Glucuronidation of hydroxylated polychlorinated biphenyls (PCBs).

Polychlorinated biphenyls (PCBs) may be metabolized to hydroxylated compounds. While many of these metabolites are further converted to either the glucuronic acid or the sulfate conjugates by phase II enzymes, which facilitates their excretion, some hydroxylated PCBs persist in the body. This may reflect their inability to be conjugated. A possible role of uridine diphosphate glucuronosyl transferase (UGT) in the elimination of hydroxylated metabolites of PCBs was therefore investigated. Glucuronidation studies of PCB metabolites included ones which are eliminated with relative ease and also ones which are reported to be retained in blood. Liver microsomes, prepared from male Wistar rats treated by intraperitoneal injections of phenobarbital for 3 days (400 micromol/kg/day), were used as the source of UGT. Enzyme kinetics (V(max) and K(m)) were determined for each of the metabolites. The efficiency of glucuronidation (V(max)/K(m)) was found to vary from <3 to 116 microL/min/mg and was dependent on the structure of the metabolites. Substitution of chlorine atoms on the nonhydroxylated ring greatly lowered the V(max) of the enzyme, with substitution in the meta and para positions being least favorable for enzyme activity.
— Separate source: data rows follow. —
Lemma sgn_mul_le1 b (a : R) : 0 <= a <= 1 -> sgn R b * a <= 1.
Proof. by case/andP; case: b; rewrite /sgn; lra. Qed.

Definition flip_sign (l : 'I_K) (s : signs) : signs :=
  [ffun k => if k == l then ~~ s k else s k].

Lemma flip_signK l : involutive (flip_sign l).
Proof. by move=> s; apply/ffunP=> k; rewrite !ffunE; case: eqP => // _; exact: negbK. Qed.

Lemma sum_signs_odd l (F : signs -> R) :
  (forall s, F (flip_sign l s) = - F s) -> \sum_s F s = 0.
Proof.
move=> FN; have : \sum_s F s = - \sum_s F s.
  by rewrite {1}(reindex_inj (inv_inj (flip_signK l))) (eq_bigr _ (fun s _ => FN s)) sumrN.
lra.
Qed.

Variable b : 'I_K -> bool.

Definition rsign (l : 'I_K) (s : signs) : R := sgn R (b l (+) s l).

Lemma sum_rsign l : \sum_s rsign l s = 0.
Proof. by apply: (@sum_signs_odd l) => s; rewrite /rsign ffunE eqxx addbN sgnN. Qed.

Lemma sum_rsign_mul k l :
  \sum_s rsign k s * rsign l s = (k == l)%:R * #|{: signs}|%:R.
Proof.
have [->|neq] := eqVneq k l.
  by rewrite mul1r (eq_bigr (fun _ => 1)) ?sumr_const // => s _; rewrite sgn_mulss.
rewrite mul0r; apply: (@sum_signs_odd k) => s; rewrite /rsign !ffunE eqxx.
by rewrite eq_sym (negbTE neq) addbN sgnN mulNr.
Qed.

Variable P : {pred 'I_K}.
Hypothesis P_gt0 : (0 < #|P|)%N.
Local Notation m := (#|P|%:R : R).
Local Notation N := (#|{: signs}|%:R : R).

Lemma card_pred_gt0 : 0 < m.
Proof. by rewrite ltr0n. Qed.

Lemma sum_pred_const (c : R) : \sum_(y in P) c = c * m.
Proof. by rewrite sumr_const mulr_natr. Qed.

Definition hedge_weight (y : 'I_K) (s : signs) : R :=
  2 + rsign y s - m^-1 * \sum_(z in P) rsign z s.

Lemma hedge_weight_ge0 y s : 0 <= hedge_weight y s.
Proof.
have avg_le1 : m^-1 * \sum_(z in P) rsign z s <= 1.
  rewrite ler_pdivrMl ?card_pred_gt0 // mulr1 -[m]mul1r -sum_pred_const.
  by apply: ler_sum => z _; case/andP: (sgn_bound (b z (+) s z)).
have /andP[ge_1 _] := sgn_bound (b y (+) s y).
rewrite /hedge_weight /rsign; lra.
Qed.

Lemma sum_hedge_weight s : \sum_(y in P) hedge_weight y s = 2 * m.
Proof.
rewrite sumrB big_split /= !sum_pred_const mulrAC mulVf ?mul1r ?addrK //.
exact: lt0r_neq0 card_pred_gt0.
Qed.

Lemma sum_signs_hedge_weight y : \sum_s hedge_weight y s = 2 * N.
Proof.
rewrite sumrB big_split /= sum_rsign addr0 sumr_const mulr_natr -mulr_sumr.
by rewrite exchange_big /= big1 ?mulr0 ?subr0 // => z _; rewrite sum_rsign.
Qed.

Lemma sum_signs_hedge_weight_rsign y l :
  \sum_s hedge_weight y s * rsign l s = (y == l)%:R * N - m^-1 * ((l \in P)%:R * N).
Proof.
under eq_bigr do rewrite mulrBl mulrDl -mulrA mulr_suml.
rewrite sumrB big_split /= -mulr_sumr sum_rsign mulr0 add0r sum_rsign_mul.
rewrite -mulr_sumr exchange_big /=; under eq_bigr do rewrite sum_rsign_mul.
rewrite -mulr_suml big_mkcond /= (bigD1 l) //= eqxx big1 ?addr0.
  by case: (l \in P).
by move=> z /negbTE ->; case: (z \in P).
Qed.

Section HedgeBound.
Variables (C : 'I_K -> R) (v : 'I_K -> 'I_K -> R).
Hypotheses (v_ge0 : forall y l, 0 <= v y l) (v_sum_le1 : forall y, \sum_l v y l <= 1).

Lemma sum_signs_hedge_weight_score y :
  \sum_s hedge_weight y s * (C y + 2 * \sum_l rsign l s * v y l)
  = 2 * N * C y + 2 * \sum_l v y l * ((y == l)%:R * N - m^-1 * ((l \in P)%:R * N)).
Proof.
under eq_bigr do rewrite mulrDr mulrCA mulr_sumr.
rewrite big_split /= -mulr_suml sum_signs_hedge_weight -mulr_sumr exchange_big /=.
congr (_ + 2 * _); apply: eq_bigr => l _.
by rewrite -sum_signs_hedge_weight_rsign mulr_sumr; apply: eq_bigr => s _; ring.
Qed.

Lemma hedge_correlation_ge y :
  N * (v y y - m^-1) <= \sum_l v y l * ((y == l)%:R * N - m^-1 * ((l \in P)%:R * N)).
Proof.
have mN_ge0 : 0 <= m^-1 * N by rewrite mulr_ge0 ?invr_ge0 ?ler0n.
apply: (@le_trans _ _ (\sum_l (v y l * (y == l)%:R * N - m^-1 * N * v y l))); last first.
  apply: ler_sum => l _; have := mulr_ge0 mN_ge0 (v_ge0 y l).
  by case: (l \in P) => /=; lra.
rewrite sumrB -mulr_suml -mulr_sumr (bigD1 y) //= eqxx mulr1 big1 ?addr0; last first.
  by move=> l /negbTE; rewrite eq_sym => ->; rewrite mulr0.
have := ler_wpM2l mN_ge0 (v_sum_le1 y); rewrite mulrBr; lra.
Qed.

Lemma hedge_bound (B : signs -> R) :
  (forall y s, y \in P -> C y + 2 * \sum_l rsign l s * v y l <= B s) ->
  \sum_(y in P) (C y + v y y) - 1 <= m * (N^-1 * \sum_s B s).
Proof.
move=> le_B; pose score y s := C y + 2 * \sum_l rsign l s * v y l.
have N_gt0 : 0 < N by rewrite ltr0n card_bool_ffun_gt0.
have upper : \sum_(y in P) \sum_s hedge_weight y s * score y s <= 2 * m * \sum_s B s.
  rewrite exchange_big /= mulr_sumr; apply: ler_sum => s _.
  apply: (@le_trans _ _ (\sum_(y in P) hedge_weight y s * B s)).
    by apply: ler_sum => y Py; rewrite ler_wpM2l ?hedge_weight_ge0 ?le_B.
  by rewrite -mulr_suml sum_hedge_weight.
have lower : 2 * N * (\sum_(y in P) (C y + v y y) - 1)
             <= \sum_(y in P) \sum_s hedge_weight y s * score y s.
  have -> : 2 * N * (\sum_(y in P) (C y + v y y) - 1)
            = \sum_(y in P) (2 * N * C y + 2 * (N * (v y y - m^-1))).
    have sum_inv : \sum_(y in P) m^-1 = 1.
      by rewrite sum_pred_const mulVf ?lt0r_neq0 ?card_pred_gt0.
    rewrite -[X in _ - X]sum_inv -sumrB mulr_sumr.
    by apply: eq_bigr => y _; ring.
  apply: ler_sum => y _; rewrite sum_signs_hedge_weight_score lerD2l ler_pM2l //.
  exact: hedge_correlation_ge.
rewrite mulrCA ler_pdivlMl // -(ler_pM2l (_ : 0 < 2)) // !mulrA.
exact: le_trans lower upper.
Qed.

End HedgeBound.
End Signs.

Section Expectation.
Variables (R : realType) (V K : nat).
Local Notation eT := (epsT V K).
Local Notation signs := {ffun 'I_K -> bool}.

Lemma card_epsT_gt0 : 0 < (#|{: eT}|%:R : R).
Proof. by rewrite ltr0n card_bool_ffun_gt0. Qed.

Lemma EepsD (F G : eT -> R) : Eeps (fun e => F e + G e) = Eeps F + Eeps G.
Proof. by rewrite /Eeps big_split /= mulrDr. Qed.

Lemma EepsN (F : eT -> R) : Eeps (fun e => - F e) = - Eeps F.
Proof. by rewrite /Eeps sumrN mulrN. Qed.

Lemma Eeps_cst (c : R) : Eeps (fun _ : eT => c) = c.
Proof.
rewrite /Eeps sumr_const -[c *+ _]mulr_natr mulrCA mulVf ?mulr1 //.
exact: lt0r_neq0 card_epsT_gt0.
Qed.

Lemma Eeps_sum (F : 'I_K -> eT -> R) : Eeps (fun e => \sum_k F k e) = \sum_k Eeps (F k).
Proof. by rewrite /Eeps exchange_big mulr_sumr. Qed.

Lemma ler_Eeps (F G : eT -> R) : (forall e, F e <= G e) -> Eeps F <= Eeps G.
Proof.
move=> leFG; rewrite /Eeps ler_wpM2l ?invr_ge0 ?ler0n //.
by apply: ler_sum => e _; apply: leFG.
Qed.

Lemma Delta_Eeps (q : eT -> 'I_K -> R) :
  (forall e, Delta (q e)) -> Delta (fun k => Eeps (q ^~ k)).
Proof.
move=> Dq; split=> [k|].
  by rewrite -(Eeps_cst 0); apply: ler_Eeps => e; case: (Dq e).
rewrite -Eeps_sum -[RHS](Eeps_cst 1); congr Eeps; apply: funext => e.
by case: (Dq e).
Qed.

Definition row_xor (t : 'I_V) (e : eT) (s : signs) : eT :=
  [ffun jk => if jk.1 == t then e jk (+) s jk.2 else e jk].

Lemma row_xorK t s : involutive (row_xor t ^~ s).
Proof. by move=> e; apply/ffunP=> jk; rewrite !ffunE; case: eqP => // _; exact: addbK. Qed.

Lemma row_xor_row t e s k : row_xor t e s (t, k) = e (t, k) (+) s k.
Proof. by rewrite ffunE /= eqxx. Qed.

Lemma row_xor_off t e s j k : j != t -> row_xor t e s (j, k) = e (j, k).
Proof. by rewrite ffunE /= => /negbTE ->. Qed.

Lemma Eeps_row_avg t (F : eT -> R) :
  Eeps F = Eeps (fun e => (#|{: signs}|%:R)^-1 * \sum_s F (row_xor t e s)).
Proof.
have signs_neq0 : (#|{: signs}|%:R : R) != 0 by rewrite pnatr_eq0 -lt0n card_bool_ffun_gt0.
rewrite {2}/Eeps -mulr_sumr exchange_big /=.
under eq_bigr => s _ do rewrite (reindex_inj (inv_inj (row_xorK t s))) /=.
under eq_bigr => s _ do under eq_bigr => e _ do rewrite row_xorK.
rewrite sumr_const -[(\sum_e F e) *+ _]mulr_natr /Eeps; congr (_ * _).
by rewrite mulrC mulfK.
Qed.

End Expectation.

Section Simplex.
Variables (R : realType) (K : nat).

Lemma exp_loss_Delta (q : 'I_K -> R) k : Delta q -> exp_loss q k = 1 - q k.
Proof.
case=> _ <-; rewrite /exp_loss /loss (bigD1 k) //= eqxx mulr0 add0r.
rewrite [in RHS](bigD1 k) //= addrAC subrr add0r.
by apply: eq_bigr => l /negbTE ->; rewrite mulr1.
Qed.

Lemma exp_loss_ge0 (q : 'I_K -> R) k : Delta q -> 0 <= exp_loss q k.
Proof. by case=> q_ge0 _; apply: sumr_ge0 => l _; rewrite mulr_ge0 ?ler0n. Qed.

Lemma has_sup_ord (f : 'I_K -> R) (k0 : 'I_K) : has_sup [set f k | k in [set: 'I_K]].
Proof.
split; first by exists (f k0), k0.
exists (\sum_k `|f k|) => _ [k _ <-]; rewrite (bigD1 k) //= (le_trans (ler_norm _)) //.
by rewrite lerDl sumr_ge0.
Qed.

End Simplex.

Section Relaxation.
Variables (R : realType) (V kappa : nat) (Ms : set 'M[R]_(V, kappa)).
Hypotheses (Ms_good : good_Mset Ms) (Ms_n0 : Ms !=set0).
Local Notation eT := (epsT V kappa).
Local Notation signs := {ffun 'I_kappa -> bool}.

Lemma has_sup_Phi (t : nat) (y : labels V kappa) (e : eT) :
  has_sup [set 2 * \sum_(j < V | (t <= j)%N) \sum_(k < kappa) sgn R (e (j, k)) * M j k
               + \sum_(i < V | (i < t)%N) M i (y i) | M in Ms].
Proof.
split; first by case: Ms_n0 => M MsM; eexists; exists M.
exists (2 * \sum_(j < V | (t <= j)%N) \sum_(k < kappa) 1 + \sum_(i < V | (i < t)%N) 1).
move=> _ [M MsM <-]; have [M01 _] := Ms_good MsM; apply: lerD.
  rewrite ler_pM2l //; apply: ler_sum => j _; apply: ler_sum => k _.
  exact: sgn_mul_le1.
by apply: ler_sum => i _; case/andP: (M01 i (y i)).
Qed.

Lemma le_Phi (t : nat) (y : labels V kappa) (e : eT) M : Ms M ->
  2 * \sum_(j < V | (t <= j)%N) \sum_(k < kappa) sgn R (e (j, k)) * M j k
    + \sum_(i < V | (i < t)%N) M i (y i) <= Phi Ms t y e.
Proof. by move=> MsM; apply: sup_upper_bound (has_sup_Phi t y e) _ _; exists M. Qed.

Lemma Phi_final_ge (y : labels V kappa) (e : eT) M :
  Ms M -> \sum_i M i (y i) <= Phi Ms V y e.
Proof.
move=> /(le_Phi V y e); rewrite big_pred0 ?mulr0 ?add0r; last first.
  by move=> j; rewrite leqNgt ltn_ord.
by under eq_bigl do rewrite ltn_ord.
Qed.

Section Round.
Variables (t : 'I_V) (y : labels V kappa).

Definition score_off (e : eT) (M : 'M[R]_(V, kappa)) : R :=
  2 * \sum_(j < V | (t < j)%N) \sum_(k < kappa) sgn R (e (j, k)) * M j k
  + \sum_(i < V | (i < t)%N) M i (y i).

Lemma score_next (e : eT) (M : 'M[R]_(V, kappa)) (k : 'I_kappa) :
  2 * \sum_(j < V | (t.+1 <= j)%N) \sum_(l < kappa) sgn R (e (j, l)) * M j l
    + \sum_(i < V | (i < t.+1)%N) M i (upd y t k i) = score_off e M + M t k.
Proof.
rewrite [X in _ + X](bigD1 t) ?ltnSn //= /upd eqxx /score_off.
under [X in _ + (_ + X)]eq_bigr => i /andP[_ /negbTE ->] do [].
under [X in _ + (_ + X)]eq_bigl => i do rewrite ltnS andbC -ltn_neqAle.
lra.
Qed.

Lemma score_now (e : eT) (M : 'M[R]_(V, kappa)) :
  2 * \sum_(j < V | (t <= j)%N) \sum_(k < kappa) sgn R (e (j, k)) * M j k
    + \sum_(i < V | (i < t)%N) M i (y i)
  = score_off e M + 2 * \sum_(k < kappa) sgn R (e (t, k)) * M t k.
Proof.
rewrite (bigD1 t) ?leqnn //= /score_off.
under [X in _ * (_ + X)]eq_bigl => j do rewrite eq_sym andbC -ltn_neqAle.
lra.
Qed.

Lemma score_off_row_xor (e : eT) s M : score_off (row_xor t e s) M = score_off e M.
Proof.
rewrite /score_off; congr (2 * _ + _); apply: eq_bigr => j lt_tj.
apply: eq_bigr => k _; rewrite row_xor_off //.
by apply: contraTneq lt_tj => ->; rewrite ltnn.
Qed.

Definition Phi_next (k : 'I_kappa) : eT -> R := Phi Ms t.+1 (upd y t k).

Definition Phi_row_avg (e : eT) : R :=
  (#|{: signs}|%:R)^-1 * \sum_s Phi Ms t y (row_xor t e s).

Lemma Phi_next_approx k e d : 0 < d ->
  exists2 M, Ms M & Phi_next k e - d < score_off e M + M t k.
Proof.
move=> d_gt0; have [_ [M MsM <-]] := sup_adherent d_gt0 (has_sup_Phi t.+1 (upd y t k) e).
by rewrite score_next; exists M.
Qed.

Lemma score_row_le_Phi e M : Ms M ->
  score_off e M + 2 * \sum_k sgn R (e (t, k)) * M t k <= Phi Ms t y e.
Proof. by rewrite -score_now; apply: le_Phi. Qed.

Lemma Rel_row_avgE : Rel Ms t y = Eeps (fun e => Phi_row_avg e - t%:R).
Proof. by rewrite /Rel (Eeps_row_avg t) EepsD Eeps_cst. Qed.

Definition excess (e : eT) (k : 'I_kappa) : R :=
  if Phi_row_avg e < Phi_next k e then Phi_next k e - Phi_row_avg e else 0.

Lemma sum_excess_le1 e : \sum_k excess e k <= 1.
Proof.
pose P := [pred k | Phi_row_avg e < Phi_next k e].
have [P0|P_gt0] := posnP #|P|.
  by rewrite big1 ?ler01 // => k _; rewrite /excess ifF //; apply: (card0_eq P0).
rewrite /excess -big_mkcond /= sumrB sum_pred_const //.
have m_gt0 := card_pred_gt0 R P_gt0.
apply/ler_addgt0Pr => d d_gt0.
have near_max k : exists M : 'M[R]_(V, kappa),
    Ms M /\ Phi_next k e - d / #|P|%:R < score_off e M + M t k.
  by have [M] := Phi_next_approx k e (divr_gt0 d_gt0 m_gt0); exists M.
have [Mk MkP] := choice near_max.
have Mk_ge0 : forall k l, 0 <= Mk k t l.
  by move=> k l; have [/(_ t l)/andP[]] := Ms_good (MkP k).1.
have Mk_le1 : forall k, \sum_l Mk k t l <= 1.
  by move=> k; exact: (Ms_good (MkP k).1).2.
have score_le : forall k s, k \in P ->
    score_off e (Mk k) + 2 * \sum_l rsign R (fun l => e (t, l)) l s * Mk k t l
    <= Phi Ms t y (row_xor t e s).
  move=> k s _; rewrite -(score_off_row_xor e s).
  under eq_bigr do rewrite /rsign -row_xor_row.
  exact: score_row_le_Phi (MkP k).1.
have := hedge_bound P_gt0 Mk_ge0 Mk_le1 score_le.
have : \sum_(k in P) Phi_next k e
       <= \sum_(k in P) (score_off e (Mk k) + Mk k t k) + d.
  rewrite -[d](divfK (lt0r_neq0 m_gt0)) -sum_pred_const -big_split.
  by apply: ler_sum => k _ /=; have := (MkP k).2; lra.
rewrite /Phi_row_avg; lra.
Qed.

Definition hedge_q (e : eT) (k : 'I_kappa) : R :=
  excess e k + (1 - \sum_l excess e l) / kappa%:R.

Lemma excess_ge0 e k : 0 <= excess e k.
Proof. by rewrite /excess; case: ifP => // /ltW; rewrite subr_ge0. Qed.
Steric hindrance around the hydroxyl group by chlorines on adjacent carbon atoms did not play a major role. A weak relationship between the calculated dihedral angle (planarity), pK(a), log D, and enzyme activity was determined (r(2) < 0.5). However, a stronger relationship for the surface area and surface volume of the molecule was observed (r(2) >or= 0.5). This study explains in part why some PCB metabolites persist in the body.